I can't wait to see your little meatball kids.
You imagine?
Coming out with a mustache and you?
He's going to fuck you up, dude.
He's going to be five, six, like his dad.
Five second.
By the way, when you have a six-year-old, I'm going to be 90.
Well, how tall are you?
I'm taller than you.
How tall are you?
What would you say your height is?
Five, ten, and three-quarters.
All right.
Stand up.
All right.
Take your fucking hat off.
This might be the gayest thing.
Also, you're wearing these fucking...
These are flat soles.
Francis.
Get in here.
Back to back.
Back to back.
That giant meaty eyes.
Who's taller?
Oh, me, dude.
No, Pat is fucking...
You've got the wop hair.
Who's the taller?
Does my forehead count extra length?
Stop pushing back on me.
You're trying to make you shorter.
This dude said I was fifth, five, six.
Well, you're shorter.
I don't know.
You both have crazy hair.
Pat his fucking head, you?
Yeah, yeah, yeah, get back.
Go back.
Yeah, go back.
Yeah, go back.
Yeah.
Put a thing down.
Yeah, yeah.
Get him.
Get a...
My hair is not...
You think my hair is further up than yours?
Nah.
Use this.
What's that for?
It's flat in the heads.
Don't stop.
Don't push me.
Oh, we got to drink.
It's like a dead even...
Yeah.
It's literally dead even.
Don't.
Wait, wait, stay, stay, stay.
Hold on.
We balance water.
Yeah, five ten a half.
Would you say five ten a half?
It might be slanted your way, Tommy.
Yeah, you got damn right.
No, that's because...
You put part of it in my forehead and my forehead goes down like that.

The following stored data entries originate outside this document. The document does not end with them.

(* Let $d\ge 1$ and let $(X_1,\ldots,X_d,Y)$ be a random vector with continuous marginal distribution functions $F_{X_1},\ldots,F_{X_d},F_Y$ and $(d+1)$-dimensional copula $C$. Let $(U_1,\ldots,U_d,V)$ be a random vector with standard uniform marginals and copula $C$. Fix $\boldsymbol{\alpha}=(\alpha_1,\ldots,\alpha_d)\in[0,1)^d$ with $C(\boldsymbol{\alpha},1)<1$, and let $A_{\boldsymbol U}=\{\exists\, i: U_i>\alpha_i\}$ and $A_{\boldsymbol X}=\{\exists\, i: X_i>\mathrm{VaR}_{\alpha_i}(X_i)\}$. Then: (a) the distribution function of $V$ conditional on $A_{\boldsymbol U}$ is $$F_{V|A_{\boldsymbol U}}(v)=\frac{v-C(\boldsymbol{\alpha},v)}{1-C(\boldsymbol{\alpha},1)},\qquad v\in[0,1],$$ and this function is a distortion function; (b) the distribution function of $Y$ conditional on $A_{\boldsymbol X}$ is $F_{Y|A_{\boldsymbol X}}(y)=F_{V|A_{\boldsymbol U}}(F_Y(y))$ for all $y\in\mathbb{R}$.
   Context: For a $(d+1)$-dimensional copula $C$, write $C(\boldsymbol{\alpha},v)=C(\alpha_1,\ldots,\alpha_d,v)$. For a random variable $Z$ with distribution function $F$, $F^{-1}(t)=\inf\{x\in\mathbb{R}:F(x)\ge t\}$ and $\mathrm{VaR}_t(Z)=F^{-1}(t)$. A distortion function is a nondecreasing function $h:[0,1]\to[0,1]$ with $h(0)=0$ and $h(1)=1$. *)

From HB Require Import structures.
From mathcomp Require Import all_boot all_order all_algebra.
From mathcomp Require Import all_classical all_reals all_analysis.
Set Implicit Arguments. Unset Strict Implicit. Unset Printing Implicit Defensive.
Import Order.TTheory GRing.Theory Num.Theory.
Local Open Scope classical_set_scope.
Local Open Scope ring_scope.

Definition Fr (dT : measure_display) (T : measurableType dT) (R : realType)
  (P : probability T R) (Z : {RV P >-> R}) : R -> R :=
  fun r => fine (cdf Z r).

(* VaR_t(Z) = F^{-1}(t) = inf {x in R : F(x) >= t}, in the extended reals
   (inf of the empty set is +oo, inf of an unbounded-below set is -oo) *)
Definition VaR (dT : measure_display) (T : measurableType dT) (R : realType)
  (P : probability T R) (Z : {RV P >-> R}) (t : R) : \bar R :=
  ereal_inf [set (x%:E)%E | x in [set x : R | t <= Fr Z x]].

Definition condprob (dT : measure_display) (T : measurableType dT) (R : realType)
  (P : probability T R) (B A : set T) : R :=
  fine (P (B `&` A)) / fine (P A).

Definition joint_cdf (dT : measure_display) (T : measurableType dT) (R : realType)
  (P : probability T R) (n : nat) (Z : 'I_n -> {RV P >-> R}) (z : 'I_n -> R) : R :=
  fine (P [set t | forall i, Z i t <= z i]).

Definition in_cube (R : realType) (n : nat) (u : 'I_n -> R) : Prop :=
  forall i, 0 <= u i <= 1.

(* n-dimensional copula (values on [0,1]^n): grounded, uniform margins,
   n-increasing *)
Definition is_copula (R : realType) (n : nat) (C : ('I_n -> R) -> R) : Prop :=
  [/\ (forall u, in_cube u -> (exists i, u i = 0) -> C u = 0),
      (forall (i : 'I_n) (a : R), 0 <= a <= 1 ->
          C (fun j => if j == i then a else 1) = a) &
      (forall a b : 'I_n -> R, in_cube a -> in_cube b -> (forall i, a i <= b i) ->
          0 <= \sum_(S : {set 'I_n}) (-1) ^+ #|S| *
                 C (fun i => if i \in S then a i else b i))].

Definition copula_of (dT : measure_display) (T : measurableType dT) (R : realType)
  (P : probability T R) (n : nat) (C : ('I_n -> R) -> R)
  (Z : 'I_n -> {RV P >-> R}) : Prop :=
  is_copula C /\ forall z, joint_cdf Z z = C (fun i => Fr (Z i) (z i)).

(* the random vector (X_1, ..., X_d, Y): indices 0..d-1 are X, index d is Y *)
Definition xy (dT : measure_display) (T : measurableType dT) (R : realType)
  (P : probability T R) (d : nat) (X : 'I_d -> {RV P >-> R}) (Y : {RV P >-> R}) :
  'I_d.+1 -> {RV P >-> R} :=
  fun i => match unlift ord_max i with Some j => X j | None => Y end.

Definition av (R : realType) (d : nat) (alpha : 'I_d -> R) (v : R) : 'I_d.+1 -> R :=
  fun i => match unlift ord_max i with Some j => alpha j | None => v end.

Definition distortion (R : realType) (h : R -> R) : Prop :=
  [/\ (forall v, 0 <= v <= 1 -> 0 <= h v <= 1),
      (forall v w, 0 <= v -> v <= w -> w <= 1 -> h v <= h w),
      h 0 = 0 & h 1 = 1].

(* Let N = {forall i, U_i <= alpha_i}. The exceedance event A_U is the complement
   of N, and by Sklar's representation P(N, V <= v) = C(alpha, v); hence
   P(V <= v, A_U) = v - C(alpha, v) and P(A_U) = 1 - C(alpha, 1), which gives (a);
   monotonicity and the bounds of h are those of a conditional probability.
   For (b), continuity of F_{X_i} makes VaR_{alpha_i}(X_i) a point q_i with
   F_{X_i}(q_i) = alpha_i, so A_X is the complement of {forall i, X_i <= q_i},
   whose joint probability with {Y <= y} is C(alpha, F_Y(y)). Its total
   probability is the limit of these as y -> +oo, and equals C(alpha, 1) because
   C(alpha, .) is 1-Lipschitz (read off from the U-side). If some alpha_k = 0,
   A_X is sure and C(alpha, .) vanishes, and the same formula holds with N empty. *)

From HB Require Import structures.
From mathcomp Require Import all_boot all_order all_algebra.
From mathcomp Require Import all_classical all_reals all_analysis.
From mathcomp Require Import lra.
Import Order.TTheory GRing.Theory Num.Theory numFieldNormedType.Exports.
Local Open Scope classical_set_scope.
Local Open Scope ring_scope.

Lemma continuous_inf_ge (R : realType) (f : R -> R) a :
  let S := [set x | a <= f x] in
  continuous f -> has_lbound S -> S !=set0 -> f (inf S) = a.
Proof.
move=> S cf lbS S0.
have closedS : closed S by exact: (continuous_closedP f).1 cf _ (@closed_ge _ a).
have /(itv_closed_infimums S0 closedS) a_le : infimums S (inf S).
  by split; [exact: ge_inf | move=> y; exact: lb_le_inf].
apply/eqP; rewrite eq_le a_le andbT leNgt; apply/negP => a_lt.
have [e /= e0 near_inf] := (nbhs_ballP _ _).1 (cvgr_gt _ (cf (inf S)) _ a_lt).
have /ge_inf : S (inf S - e / 2).
  by apply/ltW/near_inf; rewrite /ball /= opprB addrC subrK ger0_norm; lra.
by move=> /(_ lbS); lra.
Qed.

Definition pr {dT : measure_display} {T : measurableType dT} {R : realType}
  (P : probability T R) (A : set T) : R := fine (P A).

Section real_probability.
Context {dT : measure_display} {T : measurableType dT} {R : realType}.
Context {P : probability T R}.

Lemma prE A : measurable A -> P A = (pr P A)%:E.
Proof. by move=> mA; rewrite /pr fineK // fin_num_measure. Qed.

Lemma pr_ge0 A : 0 <= pr P A.
Proof. exact: fine_ge0. Qed.

Lemma le_pr A B : measurable A -> measurable B -> A `<=` B -> pr P A <= pr P B.
Proof. by move=> mA mB AB; rewrite -lee_fin -!prE // le_measure ?inE. Qed.

Lemma pr_set0 : pr P set0 = 0.
Proof. by rewrite /pr measure0. Qed.

Lemma pr_setC A : measurable A -> pr P (~` A) = 1 - pr P A.
Proof.
by move=> mA; apply: EFin_inj; rewrite EFinB -!prE ?probability_setC //; exact: measurableC.
Qed.

Lemma pr_setD A B : measurable A -> measurable B ->
  pr P (A `\` B) = pr P A - pr P (A `&` B).
Proof.
move=> mA mB; apply: EFin_inj.
rewrite EFinB -!prE ?measureD //; try exact: measurableI.
- by rewrite ltey_eq fin_num_measure.
- exact: measurableD.
Qed.

Lemma measurable_forall n (F : 'I_n -> set T) : (forall i, measurable (F i)) ->
  measurable [set t | forall i, F i t].
Proof.
move=> mF; rewrite (_ : [set t | _] = \bigcap_(i in setT) F i).
  by apply: fin_bigcap_measurable => //; exact: finite_setT.
by apply/seteqP; split => t /= Ft i //; exact: Ft.
Qed.

Lemma setC_forall_le n (Z : 'I_n -> T -> R) (a : 'I_n -> R) :
  ~` [set t | forall i, Z i t <= a i] = [set t | exists i, a i < Z i t].
Proof.
apply/seteqP; split => t /=.
- by move=> /existsNP[i /negP]; rewrite -ltNge; exists i.
- by move=> [i ai] /(_ i); rewrite leNgt ai.
Qed.

Lemma measurable_sublevel (Z : {RV P >-> R}) r : measurable [set t | Z t <= r].
Proof.
rewrite (_ : [set t | _] = Z @^-1` `]-oo, r]); first exact: measurable_funPTI.
by apply/seteqP; split => t /=; rewrite in_itv.
Qed.

Lemma measurable_exists_gt n (Z : 'I_n -> {RV P >-> R}) a :
  measurable [set t | exists i, a i < Z i t].
Proof.
rewrite -setC_forall_le; apply/measurableC/measurable_forall => i.
exact: measurable_sublevel.
Qed.

Lemma FrE (Z : {RV P >-> R}) r : Fr Z r = pr P [set t | Z t <= r].
Proof.
rewrite /Fr /cdf /distribution /pushforward /pr.
by congr (fine (P _)); apply/seteqP; split => t /=; rewrite in_itv /= ?andbT.
Qed.

Lemma Fr01 (Z : {RV P >-> R}) r : 0 <= Fr Z r <= 1.
Proof.
by rewrite FrE pr_ge0 -lee_fin -prE ?probability_le1 //; exact: measurable_sublevel.
Qed.

Lemma Fr_nondecreasing (Z : {RV P >-> R}) : {homo Fr Z : r s / r <= s}.
Proof.
move=> r s rs; rewrite !FrE; apply: le_pr; try exact: measurable_sublevel.
by move=> t /= /le_trans; apply.
Qed.

Lemma exists_Fr_gt (Z : {RV P >-> R}) a : a < 1 -> exists r, a < Fr Z r.
Proof.
move=> a1; have /fine_cvgP[_ FZ1] := cvg_cdfy1 Z.
have [M [_ FZ_gt]] := cvgr_gt _ FZ1 _ a1.
by exists (M + 1); apply: FZ_gt; rewrite ltrDl.
Qed.

Lemma exists_Fr_lt (Z : {RV P >-> R}) a : 0 < a -> exists r, Fr Z r < a.
Proof.
move=> a0; have /fine_cvgP[_ FZ0] := cvg_cdfNy0 Z.
have [M [_ FZ_lt]] := cvgr_lt _ FZ0 _ a0.
by exists (M - 1); apply: FZ_lt; rewrite ltrBlDr ltrDl.
Qed.

Lemma pr_setI_sublevel A (Z : {RV P >-> R}) r : measurable A ->
  0 <= pr P A - pr P (A `&` [set t | Z t <= r]) <= 1 - Fr Z r.
Proof.
move=> mA; have mZ := measurable_sublevel Z r.
rewrite -pr_setD // pr_ge0 FrE -pr_setC //.
apply: le_pr; [exact: measurableD | exact: measurableC | by move=> t []].
Qed.

Lemma pr_eq_sublevel_limit N (Z : {RV P >-> R}) x : measurable N ->
  (forall r, `|x - pr P (N `&` [set t | Z t <= r])| <= 1 - Fr Z r) -> pr P N = x.
Proof.
move=> mN close; apply/eqP; rewrite -subr_eq0 -normr_le0.
apply/ler_addgt0Pr => e e0; rewrite add0r.
have [r Fr_near1] : exists r, 1 - e / 2 < Fr Z r.
  by apply: exists_Fr_gt; rewrite ltrBlDr ltrDl divr_gt0.
have := pr_setI_sublevel _ Z r mN; set p := pr P (N `&` _) => /andP[p_le p_ge].
have := ler_distD p (pr P N) x; rewrite (ger0_norm p_le) (distrC p).
have := close r; rewrite -/p; lra.
Qed.

Lemma condprob_ge0 B A : 0 <= condprob P B A.
Proof. exact: divr_ge0 (pr_ge0 _) (pr_ge0 _). Qed.

Lemma condprob_le1 B A : measurable B -> measurable A -> condprob P B A <= 1.
Proof.
move=> mB mA; rewrite /condprob -/(pr P _) -/(pr P _).
have [->|A_neq0] := eqVneq (pr P A) 0; first by rewrite invr0 mulr0.
rewrite ler_pdivrMr ?lt_def ?A_neq0 ?pr_ge0 // mul1r.
apply: le_pr => //; exact: measurableI.
Qed.

Lemma le_condprob A B B' : measurable A -> measurable B -> measurable B' ->
  B `<=` B' -> condprob P B A <= condprob P B' A.
Proof.
move=> mA mB mB' BB'; apply: ler_wpM2r; first by rewrite invr_ge0 pr_ge0.
by apply: le_pr; [exact: measurableI | exact: measurableI | exact: setSI].
Qed.

Lemma condprob_sublevel_setC N (Z : {RV P >-> R}) y : measurable N ->
  condprob P [set t | Z t <= y] (~` N) =
  (Fr Z y - pr P (N `&` [set t | Z t <= y])) / (1 - pr P N).
Proof.
move=> mN; have mZ := measurable_sublevel Z y.
by rewrite /condprob -/(pr P _) -/(pr P _) -setDE pr_setD // (setIC _ N) FrE pr_setC.
Qed.

Lemma distortion_condprob A (Z : {RV P >-> R}) (h : R -> R) : measurable A ->
  (forall v, 0 <= v <= 1 -> condprob P [set t | Z t <= v] A = h v) ->
  h 0 = 0 -> h 1 = 1 -> distortion h.
Proof.
move=> mA condE h0 h1; split => // [v v01|v w v0 vw w1].
  rewrite -condE // condprob_ge0 condprob_le1 //; exact: measurable_sublevel.
rewrite -!condE ?v0 ?w1 ?(le_trans v0 vw) ?(le_trans vw w1) //.
apply: le_condprob => //; try exact: measurable_sublevel.
by move=> t /= /le_trans; apply.
Qed.

Lemma VaR_continuous (Z : {RV P >-> R}) a : continuous (Fr Z) -> 0 < a < 1 ->
  exists q, VaR Z a = q%:E /\ Fr Z q = a.
Proof.
move=> cF /andP[a0 a1]; set S := [set x | a <= Fr Z x].
have lbS : has_lbound S.
  have [r0 Fr0_lt] := exists_Fr_lt Z _ a0.
  exists r0 => x; rewrite /S /= => ax.
  by rewrite leNgt; apply/negP => /ltW /(Fr_nondecreasing Z) Fx_le; lra.
have S0 : S !=set0 by have [r1 /ltW] := exists_Fr_gt Z _ a1; exists r1.
exists (inf S); split; first by rewrite /VaR ereal_inf_EFin.
exact: continuous_inf_ge.
Qed.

You get that fucking pull.
Always underestimate.
But look at the size of your his shoes.
Nah, dude. Take the shoes up.
Oh, now you're like 5'8 for real.
You actually look taller now.
Yeah, no shit, dude.
Damn, it's just something...
Frumpy.
You're on your tippy toes.
Like, you feel your heels up.
No, no.
Drop your heels.
You drop your heels.
You drop your heels.
You drop your heels.
Junk your heels, dude.
Where are we at?
He's not as his heels, look at his heels right, right, right.
My heels are dropped, but here's a drop.
Come on.
Get you.
Yours are down.
Down, down, down, down, down.
Down, down heels.
Yeah.
Thank you.
By what?
By a quarter of an inch.
Five ten of three quarters, five ten, oh.
I grew up with older brothers.
You didn't think I saw that one coming?
That was nice.
That was nice.
Damn.
I think you had it in me.
Come on, dude.
I told you three older brothers.
That's why I have these.
These, gink.
Unfortunately.
It's protected, dude.
Yeah.
I told you, I'm not going to release this, but that was so fun.